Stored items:
(* Fix a slope bound $s\ge0$, and let $\alpha=(a_1,\dots,a_w)$. Let $a_i,a_j\in\mathbb{L}^{t+1}_\alpha$ with $i<j$, and suppose $a_k\in\mathbb{L}^t_\alpha$ is the leftmost slope-proper predecessor of $a_i$. Then every slope-proper predecessor of $a_j$ is either $a_k$ or lies to the right of $a_k$ in $\mathbb{L}^t_\alpha$. In particular, the leftmost slope-proper predecessor of $a_j$, if it exists, is $a_k$ or an item to the right of $a_k$.
   Context: Let $\alpha=(a_1,\dots,a_w)$ be a finite sequence of real numbers, with items identified by their positions. Increasing subsequences are non-strict. $a_j$ is compatible with $a_i$ if $j<i$ and $a_j\le a_i$. $RL_\alpha(a)$ is the maximum length of an increasing subsequence ending at $a$. $a_j$ is a predecessor of $a_i$ if it is compatible with $a_i$ and $RL_\alpha(a_j)=RL_\alpha(a_i)-1$. The horizontal list $\mathbb{L}^t_\alpha$ is the list of items of rising length $t$, ordered by position; ''left of'' means earlier position. Items are colored black or non-black recursively by level: all items of $\mathbb{L}^1_\alpha$ are non-black, and an item $a_i\in\mathbb{L}^{t+1}_\alpha$ is non-black iff it has a slope-proper predecessor. Here a slope-proper predecessor of $a_i$ is a non-black predecessor $a_k$ of $a_i$ with $(a_i-a_k)/(i-k)\ge s$. *)

From HB Require Import structures.
From mathcomp Require Import all_boot all_order all_algebra.
Set Implicit Arguments. Unset Strict Implicit. Unset Printing Implicit Defensive.
Import Order.TTheory GRing.Theory Num.Theory.

(* A sequence alpha = (a_1,...,a_w) is a function 'I_w -> R; items are
   identified with their positions (0-based). *)

Section Defs.
Variables (R : realFieldType) (w : nat) (alpha : 'I_w -> R).
Local Open Scope ring_scope.

Definition inc_subseq_ending (i : 'I_w) (S : {set 'I_w}) : bool :=
  [&& i \in S, [forall x in S, (x <= i)%N] &
      [forall x in S, forall y in S, (x < y)%N ==> (alpha x <= alpha y)]].

Definition RL (i : 'I_w) : nat :=
  \max_(S : {set 'I_w} | inc_subseq_ending i S) #|S|.

Definition compatible (j i : 'I_w) : bool := (j < i)%N && (alpha j <= alpha i).

Definition predecessor (j i : 'I_w) : bool :=
  compatible j i && (RL j == (RL i).-1)%N.

Definition inL (t : nat) (i : 'I_w) : bool := (RL i == t)%N.

Definition slope_ok (s : R) (k i : 'I_w) : bool :=
  s <= (alpha i - alpha k) / ((nat_of_ord i)%:R - (nat_of_ord k)%:R).

Fixpoint nonblack_lvl (s : R) (t : nat) (i : 'I_w) : bool :=
  match t with
  | 0 => false
  | t'.+1 =>
      inL t'.+1 i &&
      (if t' is 0 then true
       else [exists k : 'I_w,
               [&& predecessor k i, nonblack_lvl s t' k & slope_ok s k i]])
  end.

Definition nonblack (s : R) (i : 'I_w) : bool := nonblack_lvl s (RL i) i.

Definition slope_proper_pred (s : R) (k i : 'I_w) : bool :=
  [&& predecessor k i, nonblack s k & slope_ok s k i].

Definition leftmost_spp (s : R) (k i : 'I_w) : Prop :=
  slope_proper_pred s k i /\
  forall k' : 'I_w, slope_proper_pred s k' i -> (k <= k')%N.

End Defs.

(* Items of one horizontal list are strictly decreasing from left to right,
   since a compatible pair has strictly increasing rising lengths.  Hence if
   a slope-proper predecessor k' of a_j lay left of a_k, then a_(k') <= a_j < a_i,
   and its slope to a_i would be at least its slope to a_j (a larger rise over
   a shorter run, as s >= 0): k' would be a slope-proper predecessor of a_i
   left of the leftmost one. *)
From HB Require Import structures.
From mathcomp Require Import all_boot all_order all_algebra.
Set Implicit Arguments. Unset Strict Implicit. Unset Printing Implicit Defensive.
Import Order.TTheory GRing.Theory Num.Theory.
Local Open Scope ring_scope.

Section RisingLength.
Variables (R : realFieldType) (w : nat) (alpha : 'I_w -> R).

Lemma inc_subseq_ending1 (p : 'I_w) : inc_subseq_ending alpha p [set p].
Proof.
apply/and3P; split; first by rewrite in_set1.
  by apply/forallP => x; apply/implyP; rewrite in_set1 => /eqP ->.
apply/forallP => x; apply/implyP; rewrite in_set1 => /eqP ->.
by apply/forallP => y; apply/implyP; rewrite in_set1 => /eqP ->; rewrite ltnn.
Qed.

Lemma RL_attained (p : 'I_w) :
  exists2 S, inc_subseq_ending alpha p S & RL alpha p = #|S|.
Proof.
have nonempty : (0 < #|[pred S | inc_subseq_ending alpha p S]|)%N.
  by apply/card_gt0P; exists [set p]; exact: inc_subseq_ending1.
have [S HS eqS] := eq_bigmax_cond (fun S : {set 'I_w} => #|S|) nonempty.
by exists S; rewrite // /RL -eqS.
Qed.

Lemma inc_subseq_ending_setU1 (p q : 'I_w) (S : {set 'I_w}) :
  compatible alpha p q -> inc_subseq_ending alpha p S ->
  inc_subseq_ending alpha q (q |: S).
Proof.
move=> /andP[pq apq] /and3P[pS /forallP Sle /forallP Sinc].
have leS x : x \in S -> (x <= p)%N by move/(implyP (Sle x)).
have incS x y : x \in S -> y \in S -> (x < y)%N -> alpha x <= alpha y.
  by move=> xS yS; apply/implyP/(implyP (forallP (implyP (Sinc x) xS) y)).
have le_p x : x \in S -> alpha x <= alpha p.
  move=> xS; case: (ltngtP x p) => [xp | px | /val_inj -> //].
    exact: incS.
  by move: (leS x xS); rewrite leqNgt px.
apply/and3P; split; first exact: setU11.
  apply/forallP => x; apply/implyP; rewrite in_setU1 => /orP[/eqP -> // | xS].
  exact: leq_trans (leS x xS) (ltnW pq).
apply/forallP => x; apply/implyP; rewrite in_setU1 => /orP[/eqP -> | xS].
  apply/forallP => y; apply/implyP; rewrite in_setU1 => /orP[/eqP -> | yS].
    by rewrite ltnn.
  by rewrite ltnNge (leq_trans (leS y yS) (ltnW pq)).
apply/forallP => y; apply/implyP; rewrite in_setU1 => /orP[/eqP -> | yS].
  by apply/implyP => _; exact: le_trans (le_p x xS) apq.
by apply/implyP; exact: incS.
Qed.

Lemma RL_lt_compatible (p q : 'I_w) :
  compatible alpha p q -> (RL alpha p < RL alpha q)%N.
Proof.
move=> pq; have [S HS ->] := RL_attained p.
have qS : q \notin S.
  apply/negP => qS; case/and3P: HS => _ /forallP/(_ q)/implyP/(_ qS).
  by rewrite leqNgt (andP pq).1.
have := @leq_bigmax_cond _ _ (fun S : {set 'I_w} => #|S|) _
  (inc_subseq_ending_setU1 pq HS).
by rewrite cardsU1 qS.
Qed.

Lemma same_RL_decreasing (i j : 'I_w) :
  RL alpha i = RL alpha j -> (i < j)%N -> alpha j < alpha i.
Proof.
move=> Rij ij; rewrite ltNge; apply/negP => aij.
by have := RL_lt_compatible (introT andP (conj ij aij)); rewrite Rij ltnn.
Qed.

Lemma slope_ok_shorter_run (s : R) (k i j : 'I_w) :
  0 <= s -> (k < i)%N -> (i < j)%N -> alpha j <= alpha i ->
  slope_ok alpha s k j -> slope_ok alpha s k i.
Proof.
move=> s0 ki ij aji; rewrite /slope_ok.
have runi : 0 < (i : nat)%:R - (k : nat)%:R :> R by rewrite subr_gt0 ltr_nat.
have runj : 0 < (j : nat)%:R - (k : nat)%:R :> R
  by rewrite subr_gt0 ltr_nat (ltn_trans ki ij).
rewrite !ler_pdivlMr // => slj.
apply: le_trans (le_trans slj (lerB aji (lexx _))).
by rewrite ler_wpM2l // lerB // ler_nat ltnW.
Qed.

Lemma slope_proper_pred_left (s : R) (k i j : 'I_w) :
  0 <= s -> RL alpha i = RL alpha j -> (i < j)%N -> (k < i)%N ->
  slope_proper_pred alpha s k j -> slope_proper_pred alpha s k i.
Proof.
move=> s0 Rij ij ki /and3P[/andP[/andP[_ akj] /eqP Rk] nbk slj].
have aji := ltW (same_RL_decreasing Rij ij).
apply/and3P; split => //; last exact: slope_ok_shorter_run slj.
by rewrite /predecessor /compatible ki (le_trans akj aji) Rk Rij eqxx.
Qed.

End RisingLength.

Theorem mainTheorem12 (R : realFieldType) (s : R) (w : nat)
    (alpha : 'I_w -> R) (t : nat) (i j k : 'I_w) :
  0 <= s ->
  inL alpha t.+1 i -> inL alpha t.+1 j -> (i < j)%N ->
  inL alpha t k ->
  leftmost_spp alpha s k i ->
  (forall k' : 'I_w, slope_proper_pred alpha s k' j -> k' = k \/ (k < k')%N) /\
  (forall k' : 'I_w, leftmost_spp alpha s k' j -> k' = k \/ (k < k')%N).
Proof.
move=> s0 /eqP Li /eqP Lj ij _ [spp_k leftmost_k].
have ki : (k < i)%N by case/and3P: spp_k => /andP[/andP[]].
have not_left k' : slope_proper_pred alpha s k' j -> k' = k \/ (k < k')%N.
  move=> spp_k'; case: (ltngtP k k') => [kk' | k'k | /val_inj ->]; [by right | | by left].
  have := leftmost_k k' (slope_proper_pred_left s0 (etrans Li (esym Lj)) ij
    (ltn_trans k'k ki) spp_k').
  by rewrite leqNgt k'k.
by split=> // k' [spp_k' _]; exact: not_left.
Qed.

§ **To do**: Scan the records above for the word "move". Copy each line that has it.

§ **Final answer**:
move=> /andP[pq apq] /and3P[pS /forallP Sle /forallP Sinc].
have leS x : x \in S -> (x <= p)%N by move/(implyP (Sle x)).
  by move=> xS yS; apply/implyP/(implyP (forallP (implyP (Sinc x) xS) y)).
  move=> xS; case: (ltngtP x p) => [xp | px | /val_inj -> //].
  by move: (leS x xS); rewrite leqNgt px.
move=> pq; have [S HS ->] := RL_attained p.
move=> Rij ij; rewrite ltNge; apply/negP => aij.
move=> s0 ki ij aji; rewrite /slope_ok.
move=> s0 Rij ij ki /and3P[/andP[/andP[_ akj] /eqP Rk] nbk slj].
move=> s0 /eqP Li /eqP Lj ij _ [spp_k leftmost_k].
  move=> spp_k'; case: (ltngtP k k') => [kk' | k'k | /val_inj ->]; [by right | | by left].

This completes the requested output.